# How To Prepare Iris For Winter?



## Welshmom

We bought a new (old) farmhouse with a beautiful bed of irises in the front yard. I believe they are bearded, they are many beautiful colors. In the last few weeks, a few have even re-bloomed.

How do I treat them for winter? I think I've seen some people cut the leaves back? Should I leave them alone? Mulch/no mulch? I'm in zone 4.

Thanks!


----------



## flowergurl

I love iris and have over 60 colors myself. 

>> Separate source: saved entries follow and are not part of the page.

(* For every integer $d\ge2$ there exists a simply connected domain $\Omega_+\subset\mathbb C$ with boundary $\Gamma^\perp=\partial\Omega_+$ such that: (i) $\Omega_+$ contains $\{x\in\mathbb R:x>-d^{-1}\}$; (ii) $\Gamma^\perp=\Gamma^\perp_{\rm up}\cup\Gamma^\perp_{\rm down}$, where $\Gamma^\perp_{\rm up}$ is a curve from the point $-d^{-1}$ to infinity lying in the upper half-plane except for its endpoint $-d^{-1}$, and $\Gamma^\perp_{\rm down}=\{\bar w:w\in\Gamma^\perp_{\rm up}\}$; (iii) the map $w\mapsto w(w+1)^{d-1}$ is a bijection from $\Omega_+$ onto $\mathbb C\setminus(-\infty,-(r^{\rm sf})^d]$, where $r^{\rm sf}=d^{-1/d}(1-d^{-1})^{1-1/d}$; (iv) the map $w\mapsto w(w+1)^{d-1}$ is a bijection from $\Gamma^\perp_{\rm up}$ onto $(-\infty,-(r^{\rm sf})^d]$; (v) if $w\in\Omega_+\cup\Gamma^\perp$ then $w+c\in\Omega_+$ for every constant $c>0$. *)

From Stdlib Require Import Reals.
From Coquelicot Require Import Coquelicot.
Open Scope R_scope.

Definition connected_set (S : C -> Prop) : Prop :=
  forall U V : C -> Prop, open U -> open V ->
    (forall z, S z -> U z \/ V z) ->
    (forall z, S z -> U z -> V z -> False) ->
    (exists z, S z /\ U z) -> (exists z, S z /\ V z) -> False.

Definition domain (S : C -> Prop) : Prop :=
  open S /\ (exists z, S z) /\ connected_set S.

(* Continuous maps on [0,1] (resp. [0,1]^2) are represented by continuous
   maps on R (resp. R*R); every continuous map on [0,1] (resp. [0,1]^2)
   extends to one (by clamping), so nothing is lost. *)
Definition simply_connected (S : C -> Prop) : Prop :=
  forall g : R -> C,
    (forall t, continuous g t) ->
    (forall t, 0 <= t <= 1 -> S (g t)) ->
    g 0 = g 1 ->
    exists H : R * R -> C,
      (forall p, continuous H p) /\
      (forall s t, 0 <= s <= 1 -> 0 <= t <= 1 -> S (H (s, t))) /\
      (forall t, 0 <= t <= 1 -> H (0, t) = g t) /\
      (forall t, 0 <= t <= 1 -> H (1, t) = H (1, 0)) /\
      (forall s, 0 <= s <= 1 -> H (s, 0) = H (s, 1)).

Definition simply_connected_domain (S : C -> Prop) : Prop :=
  domain S /\ simply_connected S.

Definition closure_C (S : C -> Prop) (z : C) : Prop :=
  forall eps : posreal, exists w, S w /\ ball z eps w.
Definition interior_C (S : C -> Prop) (z : C) : Prop :=
  exists eps : posreal, forall w, ball z eps w -> S w.
Definition boundary_C (S : C -> Prop) (z : C) : Prop :=
  closure_C S z /\ ~ interior_C S z.

(* A curve from the point a to infinity: the image of a continuous injective
   map gamma : [0, +oo) -> C with gamma 0 = a and |gamma t| -> +oo as
   t -> +oo.  Continuity is required on all of R (harmless, by extension). *)
Definition curve_to_infinity (a : C) (gamma : R -> C) : Prop :=
  (forall t, continuous gamma t) /\
  gamma 0 = a /\
  (forall s t, 0 <= s -> 0 <= t -> gamma s = gamma t -> s = t) /\
  (forall M : R, exists T : R, forall t, T <= t -> M < Cmod (gamma t)).

Definition image_from0 (gamma : R -> C) (z : C) : Prop :=
  exists t, 0 <= t /\ z = gamma t.

Definition fd (d : nat) (w : C) : C := Cmult w (Cpow (Cplus w (RtoC 1)) (d - 1)).

Definition rsf (d : nat) : R :=
  Rpower (INR d) (- / INR d) * Rpower (1 - / INR d) (1 - / INR d).

Definition cut_ray (d : nat) (z : C) : Prop :=
  Im z = 0 /\ Re z <= - (rsf d) ^ d.

Definition bij_onto (f : C -> C) (A B : C -> Prop) : Prop :=
  (forall w, A w -> B (f w)) /\
  (forall w1 w2, A w1 -> A w2 -> f w1 = f w2 -> w1 = w2) /\
  (forall z, B z -> exists w, A w /\ f w = z).

(* Write a point [w] of the upper half-plane through the angles [A = arg (w+1)]
   and [B = arg w - A] of the triangle [-1, 0, w].  By the law of sines
   [|w| = sin A / sin B], hence [fd d w = M(A, B) e^(i phi)] with
   [phi = arg w + (d-1) arg (w+1)] and [M = sin A / sin B * (sin (A+B) / sin B)^(d-1)].
   [Omega_plus] is the ray [(-1/d, +oo)] together with the points of the upper
   half-plane where [phi < PI] and their conjugates.  Along each level curve
   [phi = const] the logarithmic derivative of [M] with respect to [A] is a sum
   of squares over a positive denominator, so [M] increases strictly from [0]
   to [+oo]: [fd d] maps the upper part of [Omega_plus] bijectively onto the
   upper half-plane, and the level curve [phi = PI], which is [Gamma_up], onto
   [(-oo, -(r^sf)^d]].  On the real axis [x (x+1)^(d-1)] increases from its
   critical value [-(r^sf)^d] at [x = -1/d].  Both angles decrease under
   [w |-> w + c] and under [w |-> l w] for [0 < l <= 1], so [Omega_plus] is
   invariant under right shifts and star-shaped about [0], hence connected and
   simply connected. *)

From Stdlib Require Import Reals Lra Lia Classical.
From Coquelicot Require Import Coquelicot.
Open Scope R_scope.

Lemma continuous_of_ex_derive (f : R -> R) x : ex_derive f x -> continuous f x.
Proof. exact (@ex_derive_continuous R_AbsRing R_NormedModule f x). Qed.

Lemma continuous_eps (f : R -> R) x : continuous f x -> forall eps, 0 < eps ->
  exists del, 0 < del /\ forall y, Rabs (y - x) < del -> Rabs (f y - f x) < eps.
Proof.
  intros Hc eps He.
  destruct (proj1 (filterlim_locally f (f x)) Hc (mkposreal eps He)) as [del H].
  exists del. split; [apply cond_pos|]. intros y Hy. exact (H y Hy).
Qed.

Lemma increasing_left_end (f : R -> R) a b : continuous f a ->
  (forall x y, a < x -> x < y -> y < b -> f x < f y) ->
  forall x, a < x < b -> f a < f x.
Proof.
  intros Hc Hincr x Hx.
  set (m := (a + x) / 2).
  assert (Hm : f m < f x) by (apply Hincr; unfold m; lra).
  enough (f a <= f m) by lra.
  apply Rnot_lt_le. intro Hlt.
  destruct (continuous_eps f a Hc (f a - f m)) as [del [Hdel Hnear]]; [lra|].
  set (y := Rmin (a + del / 2) ((a + m) / 2)).
  assert (Hy : a < y <= (a + m) / 2).
  { split; [apply Rmin_glb_lt; unfold m; lra | apply Rmin_r]. }
  assert (Hya : Rabs (y - a) < del).
  { assert (y <= a + del / 2) by apply Rmin_l. rewrite Rabs_right; lra. }
  assert (f y < f m) by (apply Hincr; unfold m in *; lra).
  specialize (Hnear y Hya). apply Rabs_def2 in Hnear. lra.
Qed.

Lemma IVT_left_closed (f : R -> R) a b y : a < b ->
  (forall x, a <= x <= b -> continuous f x) -> f a <= y -> y < f b ->
  exists x, a <= x < b /\ f x = y.
Proof.
  intros Hab Hc Ha Hb.
  destruct (Req_dec (f a) y) as [Ea|Na]; [exists a; split; [lra|exact Ea]|].
  destruct (Ranalysis5.IVT_interv (fun x => f x - y) a b) as [x [Hx Ex]]; try lra.
  - intros x Hx. apply continuity_pt_minus.
    + apply continuity_pt_filterlim, Hc, Hx.
    + apply continuity_pt_const. intros ? ?; reflexivity.
  - exists x. split; [|lra]. split; [lra|].
    destruct (Req_dec x b) as [->|]; lra.
Qed.
Lemma small_parameter3 (m0 c1 b1 c2 b2 c3 b3 : R) : 0 < m0 ->
  0 <= c1 -> 0 < b1 -> 0 <= c2 -> 0 < b2 -> 0 <= c3 -> 0 < b3 ->
  exists2 m, 0 < m <= m0 & forall mu, 0 <= mu <= m ->
    [/\ c1 * mu <= b1, c2 * mu <= b2 & c3 * mu <= b3].
Proof.
move=> hm0 hc1 hb1 hc2 hb2 hc3 hb3.
have [m1 /andP [hm1 hm10] h1] := small_parameter hm0 hc1 hb1.
have [m2 /andP [hm2 hm21] h2] := small_parameter hm1 hc2 hb2.
have [m3 /andP [hm3 hm32] h3] := small_parameter hm2 hc3 hb3.
exists m3; first by rewrite hm3 (le_trans hm32) // (le_trans hm21).
move=> mu /andP [hmu0 hmu3]; have hmu2 := le_trans hmu3 hm32.
have hmu1 := le_trans hmu2 hm21.
by split; [apply: h1 | apply: h2 | apply: h3]; apply/andP.
Qed.

End ScalarFacts.

(* The constant multiplying mu (|Dx| + mu) in the residual of the inexact
   direction, and the resulting constant of the final O(mu^2) estimate. *)
Definition residual_gain (R : realType) (a s Hb C1 : R) : R :=
  a * (2 / s + 1 + 2 * Hb + C1).

Definition error_const (R : realType) (Mq N ka C1 : R) : R :=
  2 * (Mq * N * ka) * (Mq * N * (C1 + 1) + 1) + 1.

Lemma error_const_gt0 (R : realType) (Mq N ka C1 : R) :
  0 <= Mq -> 0 <= N -> 0 <= ka -> 0 <= C1 -> 0 < error_const Mq N ka C1.
Proof.
move=> hMq hN hka hC1; have hMqN := mulr_ge0 hMq hN.
have hQ : 0 <= Mq * N * (C1 + 1) + 1 by rewrite addr_ge0 // mulr_ge0 // addr_ge0.
by rewrite /error_const ltr_pwDr // mulr_ge0 // mulr_ge0 // mulr_ge0.
Qed.
Lemma equatorial_fixed_point_balance m1 m2 m3 a b :
  0 < a < PI -> 0 < b < PI -> PI < a + b < 2 * PI ->
  equatorial_fixed_point m1 m2 m3 a b ->
  m1 * m2 / sin a ^ 2 = m1 * m3 / sin (a + b) ^ 2 /\
  m1 * m2 / sin a ^ 2 = m2 * m3 / sin b ^ 2.
Proof.
  intros Ha Hb Hab [_ [Hph1 [_ [Hph2 _]]]].
  assert (sa : 0 < sin a) by (apply sin_gt_0; lra).
  assert (sb : 0 < sin b) by (apply sin_gt_0; lra).
  assert (sab : sin (a + b) < 0) by (apply sin_lt_0; lra).
  rewrite (Derive_ext _ (fun x => m1 * m2 * cot_arc (x - a) + m1 * m3 * cot_arc (x - (a + b))
     + m2 * m3 * cot_arc (a - (a + b)))) in Hph1
    by (intro; unfold Vsph; rewrite !cot_dist_equator; reflexivity).
  rewrite (Derive_ext _ (fun x => m1 * m2 * cot_arc (0 - x) + m1 * m3 * cot_arc (0 - (a + b))
     + m2 * m3 * cot_arc (x - (a + b)))) in Hph2
    by (intro; unfold Vsph; rewrite !cot_dist_equator; reflexivity).
  assert (Dc : forall y, sin y <> 0 ->
    Derive (fun x => cot_arc x) y = - sin y / Rabs (sin y) ^ 3)
    by (intros y Hy; apply is_derive_unique, is_derive_cot_arc, Hy).
  assert (Ec : forall y, sin y <> 0 -> ex_derive (fun x => cot_arc x) y)
    by (intros y Hy; eexists; apply is_derive_cot_arc, Hy).
  assert (sna : sin (0 + - a) = - sin a) by (rewrite Rplus_0_l; apply sin_neg).
  assert (snab : sin (0 + - (a + b)) = - sin (a + b)) by (rewrite Rplus_0_l; apply sin_neg).
  assert (snb : sin (a + - (a + b)) = - sin b)
    by (replace (a + - (a + b)) with (- b) by ring; apply sin_neg).
  erewrite is_derive_unique in Hph1
    by (auto_derive; [repeat split; apply Ec; lra|reflexivity]).
  erewrite is_derive_unique in Hph2
    by (auto_derive; [repeat split; apply Ec; lra|reflexivity]).
  rewrite !Dc in Hph1, Hph2 by lra.
  rewrite sna, snab in Hph1. rewrite sna, snb in Hph2.
  rewrite ?Rabs_Ropp, (Rabs_right (sin a)) in Hph1, Hph2 by lra.
  rewrite (Rabs_right (sin b)) in Hph2 by lra.
  rewrite (Rabs_left (sin (a + b))) in Hph1 by lra.
  replace (- - sin a / sin a ^ 3) with (/ sin a ^ 2) in Hph1, Hph2 by (field; lra).
  replace (- - sin b / sin b ^ 3) with (/ sin b ^ 2) in Hph2 by (field; lra).
  replace (- - sin (a + b) / (- sin (a + b)) ^ 3) with (- / sin (a + b) ^ 2) in Hph1
    by (field; lra).
  unfold Rdiv. split; lra.
Qed.

Section PotentialWell.

Variables A B C a b : R.
Hypotheses (HA : 0 < A) (HB : 0 < B) (HC : 0 < C).
Hypotheses (sa : 0 < sin a) (sb : 0 < sin b) (sab : sin (a + b) < 0).
Hypotheses (balance_ac : A / sin a ^ 2 = C / sin (a + b) ^ 2)
           (balance_ab : A / sin a ^ 2 = B / sin b ^ 2).

Definition well (u v : R) : R :=
  - A * cot (a + u) - B * cot (b + v) + C * cot (a + b + (u + v)).

Definition well_ray' (u v s : R) : R :=
  - A * u * cot' (a + s * u) - B * v * cot' (b + s * v)
  + C * (u + v) * cot' (a + b + (s * u + s * v)).

Definition well_ray'' (u v s : R) : R :=
  - A * u ^ 2 * cot'' (a + s * u) - B * v ^ 2 * cot'' (b + s * v)
  + C * (u + v) ^ 2 * cot'' (a + b + (s * u + s * v)).

Definition hess_uu : R := - A * cot'' a + C * cot'' (a + b).
Definition hess_uv : R := C * cot'' (a + b).
Definition hess_vv : R := - B * cot'' b + C * cot'' (a + b).

Definition hess_form (u v : R) : R :=
  hess_uu * u ^ 2 + 2 * hess_uv * u * v + hess_vv * v ^ 2.

Lemma is_derive_well_ray u v s :
  sin (a + s * u) <> 0 -> sin (b + s * v) <> 0 -> sin (a + b + (s * u + s * v)) <> 0 ->
  is_derive (fun s => well (s * u) (s * v)) s (well_ray' u v s) /\
  is_derive (well_ray' u v) s (well_ray'' u v s).
Proof.
  intros H1 H2 H3. unfold well, well_ray', well_ray''. split.
  - auto_derive; [repeat split; apply ex_derive_cot; auto|].
    rewrite !Derive_cot by auto. ring.
  - auto_derive; [repeat split; apply ex_derive_cot'; auto|].
    rewrite !Derive_cot' by auto. ring.
Qed.

Let K := A / sin a ^ 2.

Let K_pos : 0 < K.
Proof. apply Rdiv_lt_0_compat; [exact HA|apply pow_lt, sa]. Qed.

Let A_eq : A = K * sin a ^ 2.
Proof. unfold K. field. lra. Qed.

Let B_eq : B = K * sin b ^ 2.
Proof. unfold K. rewrite balance_ab. field. lra. Qed.

Let C_eq : C = K * sin (a + b) ^ 2.
Proof. unfold K. rewrite balance_ac. field. lra. Qed.

Lemma well_ray'_0 u v : well_ray' u v 0 = 0.
Proof.
  unfold well_ray', cot'. rewrite !Rmult_0_l, !Rplus_0_r.
  rewrite A_eq, B_eq, C_eq. field. lra.
Qed.

Lemma well_ray''_0 u v : well_ray'' u v 0 = hess_form u v.
Proof.
  unfold well_ray'', hess_form, hess_uu, hess_uv, hess_vv.
  rewrite !Rmult_0_l, !Rplus_0_r. ring.
Qed.

Lemma well_hessian_pos_def : 0 < hess_uu /\ 0 < hess_uu * hess_vv - hess_uv * hess_uv.
Proof.
  assert (Ha : sin a * cos (a + b) - cos a * sin (a + b) = - sin b).
  { rewrite <- sin_minus. replace (a - (a + b)) with (- b) by ring. apply sin_neg. }
  assert (Hb : sin b * cos (a + b) - cos b * sin (a + b) = - sin a).
  { rewrite <- sin_minus. replace (b - (a + b)) with (- a) by ring. apply sin_neg. }
  assert (Huu : hess_uu = 2 * K * sin b / (- (sin a * sin (a + b)))).
  { unfold hess_uu, cot''. rewrite A_eq, C_eq.
    replace (sin b) with (- (sin a * cos (a + b) - cos a * sin (a + b))) by lra.
    field. lra. }
  assert (Hvv : hess_vv = - 2 * K * sin a / (sin b * sin (a + b))).
  { unfold hess_vv, cot''. rewrite B_eq, C_eq.
    replace (sin a) with (- (sin b * cos (a + b) - cos b * sin (a + b))) by lra.
    field. lra. }
  assert (Huv : hess_uv = 2 * K * cos (a + b) / sin (a + b)).
  { unfold hess_uv, cot''. rewrite C_eq. field. lra. }
  assert (Hdet : hess_uu * hess_vv - hess_uv * hess_uv = 4 * K ^ 2).
  { rewrite Huu, Hvv, Huv. pose proof (sin2_cos2 (a + b)) as Hpyth. unfold Rsqr in Hpyth.
    field_simplify; try lra.
    replace (cos (a + b) ^ 2) with (1 - sin (a + b) ^ 2) by nra. field. lra. }
  split.
  - rewrite Huu. apply Rdiv_lt_0_compat; nra.
  - rewrite Hdet. pose proof K_pos. nra.
Qed.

One of the most important things you can do before winter is give your iris bed a very good cleaning. Remove any old iris leaves or other things laying on the soil in the iris bed. This will prevent bugs or eggs from having a hiding place to over winter in your flowerbed.
While I am cleaning the bed I remove any old discolored or damaged leaves from my iris plants. You can trim the leaves back some to make them look tidy, or you can just leave them alone. 
If you do decide to trim the leaves do it in early winter or very late fall. The rhizome (bulb) uses the leaves to make food, so leave them as long as possible.
Once I am finished with my bed, i let the leaves from the nearby trees cover my bed for the winter to act as a mulch. 
In early spring I remove the leaves and add them to the compost pile.
Hope this helps some.


----------



## Callieslamb

I believe they are actually fairly winter hardy. But...the freezing and thawing will heave them out of the ground. When I lived in Iowa, I always covered them with a layer of straw or mulch of some kind.


----------



## Ninn

Can irises be moved if I do it now? My dog discovered an Iris bed on our new property and ate several of the bulbs. I need to relocate the garden, as I cannot relocate her run. (yard is too small for that.) There are tons of rhizomes out there, and we just had a good hard frost. Can I still move them? Should I dig them up and store them over the winter in the basement? HELP!! I love irises and want to get them properly prepared for the winter.


----------



## Phantomfyre

Ninn, irises should really be moved no later than 6 weeks prior to your first frost to give them time to grow roots so they don't heave out of the ground. 

I'd avoid bringing them in over the winter. Some of them would survive as long as they didn't totally dry out, but you'd likely lose at least some, and the survivors will take longer to recover and settle in once they're replanted. (That said, I gave my mom some irises one year and she didn't get them planted and put them in a paper bag in her (not terribly dry) basement and forgot about them for over a year! Be darned if some of them didn't take right off and grow!) 

Maybe you can put a pallet or something over them to keep the dog away until you can move them next spring? 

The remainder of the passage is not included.